Personal information
- Native name: Алина Владимировна Устимкина
- Full name: Alina Vladimirovna Ustimkina
- Born: 2 September 2000 (age 25) Nizhny Novgorod, Russia
- Height: 1.62 m (5 ft 4 in)

Figure skating career
- Country: Russia
- Partner: Alexey Rogonov
- Coach: Alexei Sokolov
- Skating club: Olympic School St. Petersburg
- Began skating: 2006

Medal record
Representing Russia
Figure skating: Pairs
Winter Youth Olympics
| Bronze medal – third place | 2016 Lillehammer | Pairs |

= Alina Ustimkina =

Russian pair skater

Alina Vladimirovna Ustimkina (Алина Владимировна Устимкина, born 2 September 2000) is a Russian pair skater. With her former partner, Nikita Volodin, she is the 2016 CS Tallinn Trophy champion and 2016 Youth Olympic bronze medalist.

== Personal life ==
Alina Vladimirovna Ustimkina was born on 2 September 2000 in Nizhny Novgorod, Russia. On 9 July 2020 she married a Russian pair skater Nodari Maisuradze.

== Career ==
=== Early years ===
Ustimkina began skating in 2006. She trained in Nizhny Novgorod until 2011 and then moved to Saint Petersburg, where she competed in singles until November 2013. Her first pairs partner was Maxim Bobrov. In April 2014, they placed fifth at the Russia Junior Championships – Elder Age.

=== Partnership with Volodin ===
Ustimkina and Nikita Volodin debuted their partnership in September 2014. They competed at events within Russia during their first season together and began appearing internationally in the 2015–16 season. In August 2015, they were sent to Riga, Latvia to compete at their first ISU Junior Grand Prix (JGP) assignment, placing fifth. In November, they won the junior gold medal at the NRW Trophy, outscoring silver medalists Anna Dušková / Martin Bidař by 19.22 points.

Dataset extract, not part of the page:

(* Let $M$ be a matroid and let $B_1,\dots,B_s$ be a partial shelling of $\mathcal{I}(M)$ such that the set $\{B_1,\dots,B_s\}$ is an order ideal of $\mathrm{Int}_<(M)$ for some total order $<$ on the ground set of $M$. Then the partial shelling is extendable, i.e. there is an ordering $B'_1,\dots,B'_t$ of the remaining bases of $M$ such that $B_1,\dots,B_s,B'_1,\dots,B'_t$ is a shelling order of $\mathcal{I}(M)$.
   Context: For a matroid $M$ on finite set $E$, $\mathcal{I}(M)$ is its independence complex, whose facets are the bases. A shelling order of a pure simplicial complex is a total order $F_1<\dots<F_k$ of its facets such that for each $j\ge2$, $\langle F_1,\dots,F_{j-1}\rangle\cap\langle F_j\rangle$ is pure of dimension one less than the complex ($\langle\mathcal{G}\rangle$ the complex generated by $\mathcal{G}$). A partial shelling is a sequence of bases $B_1,\dots,B_s$ that is a shelling order of the complex $\langle B_1,\dots,B_s\rangle$. For a total order $<$ on $E$ and a basis $B$, the internally passive set $IP_<(B)$ is the set of $b\in B$ for which there is $b'\notin B$ with $b'<b$ and $(B\setminus\{b\})\cup\{b'\}$ a basis. $\mathrm{Int}_<(M)$ is the poset on the bases of $M$ with $B\preceq B'$ iff $IP_<(B)\subseteq IP_<(B')$. An order ideal of a poset is a downward-closed subset. *)

From mathcomp Require Import all_boot.
Set Implicit Arguments. Unset Strict Implicit. Unset Printing Implicit Defensive.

In January 2016, Ustimkina/Volodin placed fifth at the Russian Junior Championships. In February, they represented Russia at the 2016 Winter Youth Olympics in Hamar, Norway. Ranked third in both segments, they were awarded the bronze medal behind Ekaterina Borisova / Dmitry Sopot and Dušková/Bidař. Assigned to Team Determination for the mixed NOC team event, Ustimkina/Volodin placed third in their segment and their team finished 8th.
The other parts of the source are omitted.